**REQUIRED ACTION:**
Retype, exactly as they appear below, the lines between the line holding "apply/setP => i; rewrite !inE;" and the line holding "Lemma conj_cR (a", both ends included.

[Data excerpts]
=-=-=-=-=

(* For every $x\in W_1$ one has $J\mathfrak{e}^L_xJ^{-1}=-q\,\mathfrak{i}^R_x$. Consequently, for $v\in W_{k+1}$ and $\underline i\in\Lambda_k$, $$(\mathfrak{i}^R_xv)_{\underline i}=\sum_{j\notin\underline i}(-q)^{L(j,\underline i\cup j)-1}\,\overline{x_j}\,v_{\underline i\cup j},$$ where $L(j,\underline i')$ denotes the position of $j$ in the string $\underline i'$.
   Context: $0<q<1$, $\ell\ge2$. $\Lambda_k$ = strictly increasing $k$-tuples in $\{1,\dots,\ell\}$, $W_k=\mathbb{C}^{\Lambda_k}$ ($W_0=\mathbb{C}$), inner product $\langle v,w\rangle=\sum_{\underline i}\overline{v_{\underline i}}w_{\underline i}$. For $\underline i'$ disjoint from $\underline i$, $\underline i\cup\underline i'$ is the ordered union; $\underline i\setminus j$ removes $j$; $|\underline i|=\sum_r i_r$; $\underline i^c$ is the complementary increasing tuple. Product $\wedge_q:W_h\otimes W_k\to W_{h+k}$ (zero if $h+k>\ell$): $(v\wedge_qw)_{\underline i}=\sum_{p}(-q^{-1})^{\|p\|}v_{i_{p(1)},\dots,i_{p(h)}}w_{i_{p(h+1)},\dots,i_{p(h+k)}}$, sum over permutations $p$ of $\{1,\dots,h+k\}$ increasing on $\{1..h\}$ and on $\{h+1..h+k\}$, $\|p\|$ = number of inversions (e.g. for $x\in W_1$, $w\in W_k$: $(x\wedge_q w)_{\underline i}=\sum_r(-q)^{1-r}x_{i_r}w_{\underline i\setminus i_r}$). For $x\in W_1$: $\mathfrak{e}^L_xw=x\wedge_qw$ and $\mathfrak{e}^R_xw=(-q)^kw\wedge_qx$ for $w\in W_k$; $\mathfrak{i}^R_x$ is the adjoint of $\mathfrak{e}^R_x$. $J:W_k\to W_{\ell-k}$ is the antilinear map $(Jw)_{\underline i}=(-q^{-1})^{|\underline i|}q^{\frac14\ell(\ell+1)}\overline{w_{\underline i^c}}$, and $J,\mathfrak{e}^L_x,\mathfrak{i}^R_x$ are regarded as operators on $\bigoplus_{k=0}^\ell W_k$. *)

From HB Require Import structures.
From mathcomp Require Import all_boot all_order all_algebra.
From mathcomp Require Import complex.
From mathcomp Require Import reals.

Set Implicit Arguments.
Unset Strict Implicit.
Unset Printing Implicit Defensive.

Import Order.TTheory GRing.Theory Num.Theory.
Local Open Scope ring_scope.

(* The index set {1,...,l} is encoded by 'I_l, the element
   j : 'I_l standing for the integer j+1.  A strictly increasing k-tuple
   in {1,...,l} is encoded by the subset {set 'I_l} of its entries (of
   cardinality k).  The space  \bigoplus_{k=0}^l W_k  is therefore the space of
   all functions {set 'I_l} -> R[i], and W_k is the subspace of functions
   supported on sets of cardinality k. *)

Definition Wsp (R : realType) (l : nat) := {set 'I_l} -> R[i].

Definition cR (R : realType) (a : R) : R[i] := (a%:C)%C.

Definition wt (l : nat) (S : {set 'I_l}) : nat := \sum_(j in S) (j.+1).

(* L(j, S) : position (1-based) of j in the increasing string S. *)
Definition pos (l : nat) (j : 'I_l) (S : {set 'I_l}) : nat :=
  #|[set i in S | (i <= j)%N]|.

(* Number of inversions ||p|| of the shuffle permutation p whose first block
   is A and second block is B: pairs (a,b), a in A, b in B, a > b. *)
Definition ninv (l : nat) (A B : {set 'I_l}) : nat :=
  #|[set ab in setX A B | (ab.2 < ab.1)%N]|.

Definition wedgeq (R : realType) (l : nat) (q : R) (v w : Wsp R l) : Wsp R l :=
  fun S => \sum_(A : {set 'I_l} | A \subset S)
     (- cR q^-1) ^+ ninv A (S :\: A) * v A * w (S :\: A).

Definition W1 (R : realType) (l : nat) (x : 'I_l -> R[i]) : Wsp R l :=
  fun S => if #|S| == 1%N then \sum_(j in S) x j else 0.

Definition projW (R : realType) (l : nat) (k : nat) (w : Wsp R l) : Wsp R l :=
  fun S => if #|S| == k then w S else 0.

Definition eL (R : realType) (l : nat) (q : R) (x : 'I_l -> R[i]) (w : Wsp R l)
  : Wsp R l := wedgeq q (W1 x) w.

Definition eR (R : realType) (l : nat) (q : R) (x : 'I_l -> R[i]) (w : Wsp R l)
  : Wsp R l :=
  fun S => \sum_(k < l.+1) (- cR q) ^+ k * wedgeq q (projW k w) (W1 x) S.

Definition inner (R : realType) (l : nat) (v w : Wsp R l) : R[i] :=
  \sum_(S : {set 'I_l}) Num.conj (v S) * w S.

Definition basisW (R : realType) (l : nat) (T : {set 'I_l}) : Wsp R l :=
  fun S => if S == T then 1 else 0.

(* Adjoint of a (linear) operator w.r.t. <.,.>: the conjugate transpose of
   its matrix in the standard orthonormal basis. *)
Definition adjoint (R : realType) (l : nat) (f : Wsp R l -> Wsp R l)
  : Wsp R l -> Wsp R l :=
  fun v T => \sum_(S : {set 'I_l}) Num.conj (f (@basisW R l T) S) * v S.

Definition iR (R : realType) (l : nat) (q : R) (x : 'I_l -> R[i])
  : Wsp R l -> Wsp R l := adjoint (eR q x).

(* J : (Jw)_S = (-q^{-1})^{|S|} q^{l(l+1)/4} conj(w_{S^c});
   q^{1/4} is the positive fourth root sqrt(sqrt q). *)
Definition Jop (R : realType) (l : nat) (q : R) (w : Wsp R l) : Wsp R l :=
  fun S => (- cR q^-1) ^+ wt S * cR (Num.sqrt (Num.sqrt q)) ^+ (l * l.+1)
           * Num.conj (w (~: S)).

From HB Require Import structures.
From mathcomp Require Import all_boot all_order all_algebra.
From mathcomp Require Import complex.
From mathcomp Require Import reals.
From mathcomp Require Import ring zify.
From Stdlib Require Import FunctionalExtensionality.

(* The coordinate of e^L_x w at T removes one index j of T, with the sign
   (-q^-1)^(#{b in T | b < j}).  Dually, e^R_x maps a basis vector e_I to
   (-q)^|I| (-q^-1)^(#{i in I | j < i}) x_j e_(I+j), so its adjoint i^R_x adds
   an index j to I with weight (-q)^(#{i in I | i < j}) conj(x_j), which is
   the explicit formula.  Conjugating by J replaces T by its complement; as
   wt (j + S) = j + 1 + wt S and the j indices below j split between S and its
   complement, the powers of -q^-1 produced by J and by e^L_x recombine into
   those of i^R_x up to a single factor -q.  Finally J (J w) is w scaled by a
   nonzero real invariant under complementation, so J is bijective. *)

Set Implicit Arguments.
Unset Strict Implicit.
Unset Printing Implicit Defensive.

Import Order.TTheory GRing.Theory Num.Theory.
Local Open Scope ring_scope.

Section Counting.

Variable l : nat.
Implicit Types (S I A B : {set 'I_l}) (j : 'I_l).

Definition nbelow S j : nat := #|[set i in S | (i < j)%N]|.
Definition nabove S j : nat := #|[set i in S | (j < i)%N]|.

Lemma card_ord_ltn n : (n <= l)%N -> #|[set i : 'I_l | (i < n)%N]| = n.
Proof.
move=> le_nl.
have -> : [set i : 'I_l | (i < n)%N] = [set widen_ord le_nl i | i in 'I_n].
  apply/setP => i; rewrite inE; apply/idP/imsetP => [lt_in | [k _ ->]].
    by exists (Ordinal lt_in) => //; apply: val_inj.
  exact: (ltn_ord k).
by rewrite card_imset ?card_ord // => a b /(congr1 val) /= /val_inj.
Qed.

Lemma nbelowD1 S j : nbelow (S :\ j) j = nbelow S j.
Proof.
apply: eq_card => i; rewrite !inE.
by case: eqVneq => [->|]; rewrite ?ltnn ?andbF.
Qed.

Lemma nbelow_setC S j : (nbelow (~: S) j + nbelow S j)%N = j.
Proof.
rewrite -[RHS](card_ord_ltn (ltnW (ltn_ord j))) -(cardsID S) addnC.
by congr (_ + _)%N; apply: eq_card => i; rewrite !inE andbC.
Qed.

Lemma nbelow_nabove I j : j \notin I -> (nbelow I j + nabove I j)%N = #|I|.
Proof.
move=> jI; rewrite -(cardsID [set i : 'I_l | (i < j)%N] I).
congr (_ + _)%N; apply: eq_card => i; rewrite !inE; first by rewrite andbC.
rewrite -leqNgt; case: (boolP (i \in I)) => iI; rewrite ?andbF ?andbT //=.
apply/idP/idP => [/ltnW // |]; rewrite leq_eqVlt => /orP[/eqP/ord_inj eq_ji | //].
by move: jI; rewrite eq_ji iI.
Qed.

Lemma ninv_set1l j B : ninv [set j] B = nbelow B j.
Proof.
have inj_pair : injective (fun b : 'I_l => (j, b)) by move=> a b [].
rewrite /ninv /nbelow -(card_imset _ inj_pair).
apply: eq_card => -[a b]; rewrite !inE /=; apply/idP/imsetP.
- by case/andP => /andP[/eqP -> bB] lt_bj; exists b; rewrite // inE bB.
- by case=> b'; rewrite inE => /andP[bB lt_bj] [-> ->]; rewrite eqxx bB.
Qed.

Lemma ninv_set1r A j : ninv A [set j] = nabove A j.
Proof.
have inj_pair : injective (fun a : 'I_l => (a, j)) by move=> a b [].
rewrite /ninv /nabove -(card_imset _ inj_pair).
apply: eq_card => -[a b]; rewrite !inE /=; apply/idP/imsetP.
- by case/andP => /andP[aA /eqP ->] lt_ja; exists a; rewrite // inE aA.
- by case=> a'; rewrite inE => /andP[aA lt_ja] [-> ->]; rewrite eqxx aA.
Qed.

Lemma pos_setU1 I j : j \notin I -> pos j (j |: I) = (nbelow I j).+1.
Proof.
move=> jI; rewrite /pos /nbelow.
have -> : [set i in j |: I | (i <= j)%N] = j |: [set i in I | (i < j)%N].
  apply/setP => i; rewrite !inE; case: (eqVneq i j) => [->|ne_ij] /=.
    by rewrite leqnn.
  by rewrite ltn_neqAle (ne_ij : val i != val j).
by rewrite cardsU1 inE ltnn andbF.
Qed.

Lemma wt_setU1 S j : j \notin S -> wt (j |: S) = (j.+1 + wt S)%N.
Proof. by move=> jS; rewrite /wt big_setU1. Qed.

Lemma setCU1 S j : ~: (j |: S) = ~: S :\ j.
Proof. by apply/setP => i; rewrite !inE negb_or andbC. Qed.

Lemma subset_setD_eq1 I S j :
  (I \subset S) && (S :\: I == [set j]) = (j \notin I) && (S == j |: I).
Proof.
apply/idP/idP.
- case/andP => sIS /eqP SDI.
  have : j \in S :\: I by rewrite SDI set11.
  rewrite inE => /andP[-> jS] /=; apply/eqP/setP => i; rewrite in_setU1.
  case: (boolP (i \in I)) => iI; first by rewrite orbT (subsetP sIS).
  by rewrite orbF -in_set1 -SDI inE iI.
- case/andP => jI /eqP ->; rewrite subsetUr; apply/eqP/setP => i.
  by rewrite !inE; case: eqVneq => [->|_] /=; rewrite ?jI ?andNb.
Qed.

End Counting.

Lemma sumr_supp1 (V : nmodType) (T : finType) (P : pred T) (a : T) (F : T -> V) :
  (forall A, P A -> A != a -> F A = 0) ->
  \sum_(A | P A) F A = if P a then F a else 0.
Proof.
move=> F0; case Pa: (P a).
  by rewrite (bigD1 a) //= big1 ?addr0 // => A /andP[]; exact: F0.
by rewrite big1 // => A PA; apply: (F0 _ PA); apply: contraFneq Pa => <-.
Qed.

Section Operators.

Variables (R : realType) (l : nat) (q : R).
Implicit Types (x : 'I_l -> R[i]) (v w : Wsp R l) (S T I : {set 'I_l}).

Local Notation c := (- cR q^-1).
Local Notation d := (- cR q).

Lemma conj_cR (a : R) : Num.conj (cR a) = cR a.
Proof. by apply: conj_Creal; rewrite /cR complex_real. Qed.

Lemma NcRV_mulNcR : q != 0 -> c * d = 1.
Proof. by move=> q_neq0; rewrite mulrNN /cR -rmorphM mulVf // rmorph1. Qed.

Lemma W1E x T : W1 x T = \sum_j (if T == [set j] then x j else 0).
Proof.
rewrite /W1; case: ifP => [/cards1P [y ->] | T_not1].
  rewrite big_set1 (sumr_supp1 (a := y)) ?eqxx // => j _ ne_jy.
  by case: eqP => // /set1_inj eq_yj; rewrite eq_yj eqxx in ne_jy.
by rewrite big1 // => j _; case: eqP => // eq_T; rewrite eq_T cards1 in T_not1.
Qed.

Lemma wedgeq_W1l x w T :
  wedgeq q (W1 x) w T = \sum_(j in T) c ^+ nbelow T j * x j * w (T :\ j).
Proof.
rewrite /wedgeq.
under eq_bigr => A _ do rewrite W1E mulr_sumr mulr_suml.
rewrite exchange_big [RHS]big_mkcond; apply: eq_bigr => j _.
rewrite (sumr_supp1 (a := [set j])); last first.
  by move=> A _ /negbTE ->; rewrite mulr0 mul0r.
by rewrite sub1set eqxx ninv_set1l nbelowD1.
Qed.

Lemma wedgeq_basisWl I w S :
  wedgeq q (@basisW R l I) w S =
  if I \subset S then c ^+ ninv I (S :\: I) * w (S :\: I) else 0.
Proof.
rewrite /wedgeq (sumr_supp1 (a := I)) /basisW ?eqxx ?mulr1 //.
by move=> A _ /negbTE ->; rewrite mulr0 mul0r.
Qed.

Lemma eR_basisW_wedge x I S :
  eR q x (@basisW R l I) S = d ^+ #|I| * wedgeq q (@basisW R l I) (W1 x) S.
Proof.
have ltI : (#|I| < l.+1)%N by rewrite ltnS (leq_trans (max_card _)) ?card_ord.
rewrite /eR (sumr_supp1 (a := Ordinal ltI)) /=; last first.
  move=> k _ ne_kI; rewrite /wedgeq big1 ?mulr0 // => A _; rewrite /projW /basisW.
  case: eqP => [eqA | _]; last by rewrite mulr0 mul0r.
  case: eqP => [eqAI | _]; last by rewrite mulr0 mul0r.
  by case/eqP: ne_kI; apply: val_inj; rewrite /= -eqA eqAI.
congr (_ * _); apply: eq_bigr => A _; congr (_ * _ * _).
by rewrite /projW /basisW; case: (eqVneq A I) => [->|_]; rewrite ?eqxx ?if_same.
Qed.

Lemma eR_basisW x I S :
  eR q x (@basisW R l I) S =
  \sum_(j | j \notin I)
     (if S == j |: I then d ^+ #|I| * c ^+ nabove I j * x j else 0).
Proof.
rewrite eR_basisW_wedge wedgeq_basisWl; case: ifP => sIS; last first.
  rewrite mulr0 big1 // => j jI; case: eqP => // eqS.
  by have := subset_setD_eq1 I S j; rewrite sIS jI eqS eqxx.
rewrite W1E !mulr_sumr [RHS]big_mkcond; apply: eq_bigr => j _.
have := subset_setD_eq1 I S j; rewrite sIS /=.
case: eqVneq => [SDI | _] /esym cond; last first.
  by rewrite !mulr0; case: (j \notin I) cond => //= ->.
by case/andP: cond => -> /eqP SU; rewrite SDI ninv_set1r SU eqxx mulrA.
Qed.

Lemma iRE x v I : q != 0 ->
  iR q x v I =
  \sum_(j | j \notin I) d ^+ nbelow I j * Num.conj (x j) * v (j |: I).
Proof.
move=> q_neq0; rewrite /iR /adjoint.
under eq_bigr => S _ do rewrite eR_basisW rmorph_sum mulr_suml.
rewrite exchange_big /=; apply: eq_bigr => j jI.
rewrite (sumr_supp1 (a := j |: I)) ?eqxx; last first.
  by move=> S _ /negbTE ->; rewrite rmorph0 mul0r.
rewrite !rmorphM !rmorphXn !rmorphN /= !conj_cR -(nbelow_nabove jI) exprD.
rewrite -(mulrA (d ^+ nbelow I j) (d ^+ nabove I j)) -exprMn (mulrC d).
by rewrite NcRV_mulNcR // expr1n mulr1.
Qed.

Lemma Jop_eL x w S : q != 0 -> Jop q (eL q x w) S = d * iR q x (Jop q w) S.
Proof.
move=> q_neq0; rewrite iRE // /Jop /eL wedgeq_W1l rmorph_sum !mulr_sumr.
apply: eq_big => [j | j]; rewrite inE // => jS.
rewrite setCU1 wt_setU1 // !rmorphM !rmorphXn !rmorphN /= !conj_cR.
have -> : (j.+1 + wt S = wt S + nbelow (~: S) j + (nbelow S j).+1)%N.
  by have := nbelow_setC S j; lia.
have cd_pow : c ^+ (nbelow S j).+1 * d ^+ (nbelow S j).+1 = 1.
  by rewrite -exprMn NcRV_mulNcR // expr1n.
by rewrite -[LHS]mul1r -cd_pow !exprD !exprS; ring.
Qed.

(* In fact J2coef S = (-1)^(l(l+1)/2); we only use that it is a nonzero real
   number invariant under complementation. *)
Definition J2coef S : R[i] :=
  c ^+ (wt S + wt (~: S)) * cR (Num.sqrt (Num.sqrt q)) ^+ (2 * (l * l.+1)).

Lemma Jop_Jop w S : Jop q (Jop q w) S = J2coef S * w S.
Proof.
rewrite /Jop /J2coef setCK !rmorphM !rmorphXn !rmorphN /= !conj_cR conjCK.
by rewrite exprD mul2n -addnn exprD; ring.
Qed.

Lemma conj_J2coef S : Num.conj (J2coef S) = J2coef S.
Proof. by rewrite /J2coef !rmorphM !rmorphXn !rmorphN /= !conj_cR. Qed.

Lemma J2coef_setC S : J2coef (~: S) = J2coef S.
Proof. by rewrite /J2coef setCK addnC. Qed.

Lemma J2coef_neq0 S : 0 < q -> J2coef S != 0.
Proof.
move=> q_gt0; have q_neq0 := lt0r_neq0 q_gt0.
rewrite mulf_neq0 // expf_neq0 //; last by rewrite /cR fmorph_eq0 lt0r_neq0 // !sqrtr_gt0.
have /eqP := NcRV_mulNcR q_neq0; apply: contraTneq => ->.
by rewrite mul0r eq_sym oner_eq0.
Qed.

Lemma Jop_scale (e : {set 'I_l} -> R[i]) v S :
  Jop q (fun T => e T * v T) S = Num.conj (e (~: S)) * Jop q v S.
Proof. by rewrite /Jop rmorphM; ring. Qed.

Lemma Jop_bij : 0 < q -> bijective (@Jop R l q).
Proof.
move=> q_gt0; exists (fun w S => (J2coef S)^-1 * Jop q w S) => w.
  apply: functional_extensionality => S.
  by rewrite Jop_Jop mulrA mulVf ?mul1r // J2coef_neq0.
apply: functional_extensionality => S.
rewrite Jop_scale fmorphV /= conj_J2coef J2coef_setC Jop_Jop.
by rewrite mulrA mulVf ?mul1r // J2coef_neq0.
Qed.

End Operators.

Theorem proposition3p11 (R : realType) (q : R) (l : nat)
  (hq0 : 0 < q) (hq1 : q < 1) (hl : (2 <= l)%N) (x : 'I_l -> R[i]) :
  bijective (@Jop R l q) /\
  (forall (w : Wsp R l) (S : {set 'I_l}),
      Jop q (eL q x w) S = - cR q * iR q x (Jop q w) S) /\
  (forall (k : nat) (v : Wsp R l) (I : {set 'I_l}),
      (forall T : {set 'I_l}, #|T| != k.+1 -> v T = 0) ->
      #|I| = k ->
      iR q x v I =
        \sum_(j : 'I_l | j \notin I)
           (- cR q) ^+ (pos j (j |: I)).-1 * Num.conj (x j) * v (j |: I)).
Proof.
have q_neq0 : q != 0 by rewrite lt0r_neq0.
split; first exact: Jop_bij.
split=> [w S | k v I _ _]; first exact: Jop_eL.
by rewrite iRE //; apply: eq_bigr => j jI; rewrite pos_setU1.
Qed.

=-=-=-=-=

**RESULT BELOW:**
  apply/setP => i; rewrite !inE; case: (eqVneq i j) => [->|ne_ij] /=.
    by rewrite leqnn.
  by rewrite ltn_neqAle (ne_ij : val i != val j).
by rewrite cardsU1 inE ltnn andbF.
Qed.

Lemma wt_setU1 S j : j \notin S -> wt (j |: S) = (j.+1 + wt S)%N.
Proof. by move=> jS; rewrite /wt big_setU1. Qed.

Lemma setCU1 S j : ~: (j |: S) = ~: S :\ j.
Proof. by apply/setP => i; rewrite !inE negb_or andbC. Qed.

Lemma subset_setD_eq1 I S j :
  (I \subset S) && (S :\: I == [set j]) = (j \notin I) && (S == j |: I).
Proof.
apply/idP/idP.
- case/andP => sIS /eqP SDI.
  have : j \in S :\: I by rewrite SDI set11.
  rewrite inE => /andP[-> jS] /=; apply/eqP/setP => i; rewrite in_setU1.
  case: (boolP (i \in I)) => iI; first by rewrite orbT (subsetP sIS).
  by rewrite orbF -in_set1 -SDI inE iI.
- case/andP => jI /eqP ->; rewrite subsetUr; apply/eqP/setP => i.
  by rewrite !inE; case: eqVneq => [->|_] /=; rewrite ?jI ?andNb.
Qed.

End Counting.

Lemma sumr_supp1 (V : nmodType) (T : finType) (P : pred T) (a : T) (F : T -> V) :
  (forall A, P A -> A != a -> F A = 0) ->
  \sum_(A | P A) F A = if P a then F a else 0.
Proof.
move=> F0; case Pa: (P a).
  by rewrite (bigD1 a) //= big1 ?addr0 // => A /andP[]; exact: F0.
by rewrite big1 // => A PA; apply: (F0 _ PA); apply: contraFneq Pa => <-.
Qed.

Section Operators.

Variables (R : realType) (l : nat) (q : R).
Implicit Types (x : 'I_l -> R[i]) (v w : Wsp R l) (S T I : {set 'I_l}).

Local Notation c := (- cR q^-1).
Local Notation d := (- cR q).

Lemma conj_cR (a : R) : Num.conj (cR a) = cR a.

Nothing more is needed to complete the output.